È stata invece l’ultima.
Quindi l’iniziativa che ha annunciato che quest’anno le lezioni di storia si sarebbero tenute on line è stata accolta con gioia ed ottimismo. Argomento: la presa del potere. In collegamento con i maggiori teatri d’Italia, quasi a voler unire la penisola nella voglia di rinascita e di valorizzazione della nostra storia e cultura.
Da Zeus che conquista l’Olimpo fino a Fidel Castro, passando per Agrippina, Guelfi e Ghibellini, Cortés, Montezuma….
Sono comparsi sul televisore di casa i Professori Carandini, Barbero e Canfora (tra gli altri) ed è stato come non essersi mai arresi.

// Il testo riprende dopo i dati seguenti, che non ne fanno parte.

(* Let $n\ge 2$ and let $r_1,\ldots,r_n>0$ be such that there exists a homothetic square packing with radii $r_1,\ldots,r_n$ and $k$ contacts. Then for every $r_{n+1}>0$ there exists a homothetic square packing with radii $r_1,\ldots,r_{n+1}$ and at least $k+2$ contacts.
   Context: Let $S=\{(x,y): -1\le x,y\le 1\}$. A homothetic square packing with radii $r_1,\ldots,r_m$ is a set $\{S_1,\ldots,S_m\}$ with $S_i=r_iS+p_i$ for some $p_i\in\mathbb{R}^2$, such that distinct squares have disjoint interiors. A contact is an unordered pair $\{i,j\}$, $i\ne j$, with $S_i\cap S_j\ne\emptyset$. *)

From Stdlib Require Import Reals Lra Lia List.
Open Scope R_scope.

Definition point := (R * R)%type.

Definition unit_square (s : point) : Prop :=
  -1 <= fst s <= 1 /\ -1 <= snd s <= 1.

Definition hsquare (r : R) (p : point) (z : point) : Prop :=
  exists s, unit_square s /\ z = (r * fst s + fst p, r * snd s + snd p).

Definition interior (A : point -> Prop) (z : point) : Prop :=
  exists eps, 0 < eps /\
    forall w, (fst w - fst z)^2 + (snd w - snd z)^2 < eps^2 -> A w.

Definition is_packing (m : nat) (r : nat -> R) (p : nat -> point) : Prop :=
  forall i j, (i < m)%nat -> (j < m)%nat -> i <> j ->
    forall z, ~ (interior (hsquare (r i) (p i)) z /\
                 interior (hsquare (r j) (p j)) z).

(* contact {i,j}, represented by the ordered pair (i,j) with i < j *)
Definition contact (m : nat) (r : nat -> R) (p : nat -> point) (ij : nat * nat) : Prop :=
  (fst ij < snd ij < m)%nat /\
  exists z, hsquare (r (fst ij)) (p (fst ij)) z /\ hsquare (r (snd ij)) (p (snd ij)) z.

Definition num_contacts (m : nat) (r : nat -> R) (p : nat -> point) (k : nat) : Prop :=
  exists l : list (nat * nat), NoDup l /\
    (forall ij, In ij l <-> contact m r p ij) /\ length l = k.

From Pilot Require Import Defs.
From Stdlib Require Import Reals List Lra Lia ClassicalEpsilon Classical.
Open Scope R_scope.

(* In the sup-norm, the squares r S + p and r' S + p' meet iff
   |p - p'| <= r + r', and have disjoint interiors iff |p - p'| >= r + r'.
   Let A be a square whose top edge is highest.  If A touches another square B,
   move the new square around A, through the centres at distance r_A + r_{n+1}
   from p_A, starting above the top-right corner of A, where it meets nothing
   but A, towards the centre on the segment from p_A to p_B, where it overlaps
   B.  By the intermediate value theorem applied to the least gap to the other
   squares, at some moment it touches A and some other square and overlaps
   nothing.  If A touches nothing, A is taken out; the new square is put on the
   top-right corner of the highest remaining square and A right next to it,
   which creates two contacts and destroys none. *)

Definition dist_inf (a b : point) : R :=
  Rmax (Rabs (fst a - fst b)) (Rabs (snd a - snd b)).

Lemma dist_inf_sym a b : dist_inf a b = dist_inf b a.
Proof. unfold dist_inf; rewrite (Rabs_minus_sym (fst a)), (Rabs_minus_sym (snd a)); reflexivity. Qed.

Lemma dist_inf_le_iff a b d :
  dist_inf a b <= d <-> Rabs (fst a - fst b) <= d /\ Rabs (snd a - snd b) <= d.
Proof.
  unfold dist_inf; split.
  - intros H; split; eapply Rle_trans; [apply Rmax_l | exact H | apply Rmax_r | exact H].
  - intros [Hx Hy]; apply Rmax_lub; assumption.
Qed.

Lemma dist_inf_triangle a b c : dist_inf a c <= dist_inf a b + dist_inf b c.
Proof.
  apply dist_inf_le_iff; unfold dist_inf.
  pose proof (Rmax_l (Rabs (fst a - fst b)) (Rabs (snd a - snd b))).
  pose proof (Rmax_r (Rabs (fst a - fst b)) (Rabs (snd a - snd b))).
  pose proof (Rmax_l (Rabs (fst b - fst c)) (Rabs (snd b - snd c))).
  pose proof (Rmax_r (Rabs (fst b - fst c)) (Rabs (snd b - snd c))).
  split.
  - replace (fst a - fst c) with ((fst a - fst b) + (fst b - fst c)) by ring.
    eapply Rle_trans; [apply Rabs_triang | lra].
  - replace (snd a - snd c) with ((snd a - snd b) + (snd b - snd c)) by ring.
    eapply Rle_trans; [apply Rabs_triang | lra].
Qed.

Definition lerp (a b : point) (s : R) : point :=
  (fst a + s * (fst b - fst a), snd a + s * (snd b - snd a)).

Lemma dist_inf_lerp_l a b s : dist_inf (lerp a b s) a = Rabs s * dist_inf a b.
Proof.
  unfold dist_inf, lerp; simpl.
  replace (fst a + s * (fst b - fst a) - fst a) with (s * (fst b - fst a)) by ring.
  replace (snd a + s * (snd b - snd a) - snd a) with (s * (snd b - snd a)) by ring.
  rewrite !Rabs_mult, RmaxRmult by apply Rabs_pos.
  rewrite (Rabs_minus_sym (fst b)), (Rabs_minus_sym (snd b)); reflexivity.
Qed.

Lemma dist_inf_lerp_r a b s : dist_inf (lerp a b s) b = Rabs (1 - s) * dist_inf a b.
Proof.
  unfold dist_inf, lerp; simpl.
  replace (fst a + s * (fst b - fst a) - fst b) with ((1 - s) * (fst a - fst b)) by ring.
  replace (snd a + s * (snd b - snd a) - snd b) with ((1 - s) * (snd a - snd b)) by ring.
  rewrite !Rabs_mult, RmaxRmult by apply Rabs_pos; reflexivity.
Qed.

Lemma dist_inf_weighted_point p1 p2 r1 r2 : 0 < r1 -> 0 < r2 ->
  let z := lerp p1 p2 (r1 / (r1 + r2)) in
  dist_inf z p1 = r1 * (dist_inf p1 p2 / (r1 + r2)) /\
  dist_inf z p2 = r2 * (dist_inf p1 p2 / (r1 + r2)).
Proof.
  intros H1 H2; simpl.
  rewrite dist_inf_lerp_l, dist_inf_lerp_r.
  replace (1 - r1 / (r1 + r2)) with (r2 / (r1 + r2)) by (field; lra).
  rewrite !Rabs_pos_eq by (apply Rlt_le, Rdiv_lt_0_compat; lra).
  split; field; lra.
Qed.

Lemma hsquare_iff r p z : 0 < r -> hsquare r p z <-> dist_inf z p <= r.
Proof.
  intros Hr; rewrite dist_inf_le_iff; split.
  - intros [s [[Hx Hy] ->]]; simpl.
    replace (r * fst s + fst p - fst p) with (r * fst s) by ring.
    replace (r * snd s + snd p - snd p) with (r * snd s) by ring.
    rewrite !Rabs_mult, (Rabs_pos_eq r) by lra.
    split; split_Rabs; nra.
  - intros [Hx Hy].
    exists ((fst z - fst p) / r, (snd z - snd p) / r); split.
    + unfold unit_square; simpl.
      split; split; (apply Rmult_le_reg_l with r; [lra|]);
        field_simplify; split_Rabs; lra.
    + destruct z as [zx zy]; simpl; f_equal; field; lra.
Qed.

Lemma interior_hsquare_iff r p z : 0 < r ->
  Defs.interior (hsquare r p) z <-> dist_inf z p < r.
Proof.
  intros Hr; split.
  - intros [e [He Hball]].
    assert (Hin : forall w, (fst w - fst z) ^ 2 + (snd w - snd z) ^ 2 < e ^ 2 ->
                           dist_inf w p <= r)
      by (intros w Hw; apply hsquare_iff, Hball; assumption).
    pose proof (Hin (fst z + e / 2, snd z) ltac:(simpl; nra)) as H1.
    pose proof (Hin (fst z - e / 2, snd z) ltac:(simpl; nra)) as H2.
    pose proof (Hin (fst z, snd z + e / 2) ltac:(simpl; nra)) as H3.
    pose proof (Hin (fst z, snd z - e / 2) ltac:(simpl; nra)) as H4.
    rewrite dist_inf_le_iff in H1, H2, H3, H4; simpl in *.
    apply Rmax_lub_lt; split_Rabs; lra.
  - intros Hz.
    exists (r - dist_inf z p); split; [lra|].
    intros w Hw; apply hsquare_iff; trivial.
    apply Rle_trans with (dist_inf w z + dist_inf z p); [apply dist_inf_triangle|].
    enough (dist_inf w z < r - dist_inf z p) by lra.
    pose proof (pow2_ge_0 (fst w - fst z)); pose proof (pow2_ge_0 (snd w - snd z)).
    apply Rmax_lub_lt; split_Rabs; nra.
Qed.

Lemma hsquares_meet_iff r1 p1 r2 p2 : 0 < r1 -> 0 < r2 ->
  (exists z, hsquare r1 p1 z /\ hsquare r2 p2 z) <-> dist_inf p1 p2 <= r1 + r2.
Proof.
  intros H1 H2; split.
  - intros [z [Hz1 Hz2]]; rewrite hsquare_iff in Hz1, Hz2 by assumption.
    rewrite dist_inf_sym in Hz1.
    pose proof (dist_inf_triangle p1 z p2); lra.
  - intros Hd; destruct (dist_inf_weighted_point p1 p2 r1 r2 H1 H2) as [Hz1 Hz2].
    assert (Hq : dist_inf p1 p2 / (r1 + r2) <= 1)
      by (apply Rmult_le_reg_r with (r1 + r2); [lra|]; field_simplify; lra).
    exists (lerp p1 p2 (r1 / (r1 + r2))).
    rewrite !hsquare_iff, Hz1, Hz2 by assumption; split; nra.
Qed.

Lemma interiors_disjoint_iff r1 p1 r2 p2 : 0 < r1 -> 0 < r2 ->
  (forall z, ~ (Defs.interior (hsquare r1 p1) z /\ Defs.interior (hsquare r2 p2) z)) <->
  r1 + r2 <= dist_inf p1 p2.
Proof.
  intros H1 H2; split.
  - intros Hdisj; apply Rnot_lt_le; intros Hd.
    destruct (dist_inf_weighted_point p1 p2 r1 r2 H1 H2) as [Hz1 Hz2].
    assert (Hq : dist_inf p1 p2 / (r1 + r2) < 1)
      by (apply Rmult_lt_reg_r with (r1 + r2); [lra|]; field_simplify; lra).
    apply (Hdisj (lerp p1 p2 (r1 / (r1 + r2)))).
    rewrite !interior_hsquare_iff, Hz1, Hz2 by assumption; split; nra.
  - intros Hd z [Hz1 Hz2]; rewrite interior_hsquare_iff in Hz1, Hz2 by assumption.
    rewrite dist_inf_sym in Hz1.
    pose proof (dist_inf_triangle p1 z p2); lra.
Qed.

Definition separated (m : nat) (r : nat -> R) (p : nat -> point) : Prop :=
  forall i j, (i < j < m)%nat -> r i + r j <= dist_inf (p i) (p j).

Lemma separated_neq m r p i j : separated m r p -> (i < m)%nat -> (j < m)%nat -> i <> j ->
  r i + r j <= dist_inf (p i) (p j).
Proof.
  intros Hsep Hi Hj Hij; destruct (Nat.lt_gt_cases i j) as [[Hlt | Hgt] _]; [exact Hij | |].
  - apply Hsep; lia.
  - rewrite dist_inf_sym, Rplus_comm; apply Hsep; lia.
Qed.

Lemma is_packing_iff m r p : (forall i, (i < m)%nat -> 0 < r i) ->
  is_packing m r p <-> separated m r p.
Proof.
  intros Hr; split.
  - intros Hpack i j Hij.
    apply interiors_disjoint_iff; try apply Hr; try lia.
    apply Hpack; lia.
  - intros Hsep i j Hi Hj Hij.
    apply interiors_disjoint_iff; try apply Hr; trivial.
    apply (separated_neq m); trivial.
Qed.

Lemma contact_iff m r p i j : 0 < r i -> 0 < r j ->
  contact m r p (i, j) <-> (i < j < m)%nat /\ dist_inf (p i) (p j) <= r i + r j.
Proof. intros Hi Hj; unfold contact; simpl; rewrite hsquares_meet_iff by assumption; tauto. Qed.

Lemma enumerate_finite_pred {A : Type} (P : A -> Prop) (l0 : list A) :
  (forall x, P x -> In x l0) -> exists l, NoDup l /\ forall x, In x l <-> P x.
Proof.
  intros Hl0.
  set (decP := fun x => if excluded_middle_informative (P x) then true else false).
  exists (nodup (fun x y => excluded_middle_informative (x = y)) (filter decP l0)).
  split; [apply NoDup_nodup|].
  intros x; rewrite nodup_In, filter_In; unfold decP.
  destruct (excluded_middle_informative (P x)) as [HP | HP];
    split; [tauto | auto | intros [_ E]; discriminate | tauto].
Qed.

Lemma num_contacts_exists m r p : exists k, num_contacts m r p k.
Proof.
  destruct (enumerate_finite_pred (contact m r p) (list_prod (seq 0 m) (seq 0 m)))
    as [l [Hnd Hl]].
  - intros [i j] [Hij _]; simpl in Hij.
    apply in_prod; apply in_seq; lia.
  - exists (length l), l; auto.
Qed.

Lemma num_contacts_ge m r p k l : num_contacts m r p k -> NoDup l ->
  (forall ij, In ij l -> contact m r p ij) -> (length l <= k)%nat.
Proof.
  intros [l' [_ [Hl' <-]]] Hnd Hl.
  apply NoDup_incl_length; trivial.
  intros ij Hij; apply Hl', Hl, Hij.
Qed.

Ma l’emozione più grande è stata senza dubbio sentire le parole di Paolo di Paolo, vero maestro cerimoniere, padrone di casa di ogni singola lezione.
La introduce, la inquadra nel periodo storico, ci rende partecipi delle sue riflessioni leggendoci brani di libri, di articoli di giornale, di approfondimenti.
La sua voce, il suo spaziare da una materia all’altra, unendo letteratura, arte, filosofia e attualità ci ha fatto respirare un po’ di aria fresca, per un attimo ogni domenica ha aperto i nostri orizzonti, altrimenti così costretti.
Mancano solo tre lezioni alla fine di questo ciclo, strano come l’anno che stiamo vivendo.
Speriamo di tornare anche noi a fare lezione in presenza l’anno prossimo, salvando forse la possibilità per tutti di fruire di queste iniziative da remoto. Io non vedo l’ora di veder salire sul palco Paolo di Paolo, di sentirlo presentare il professore di turno, spiegandoci in quale momento della sua vita c’è stata la motivazione a diventare il maggior esperto nella sua materia, perché quella sarà finalmente la normalità e la cultura avrà svolto appieno il suo compito: salvarci.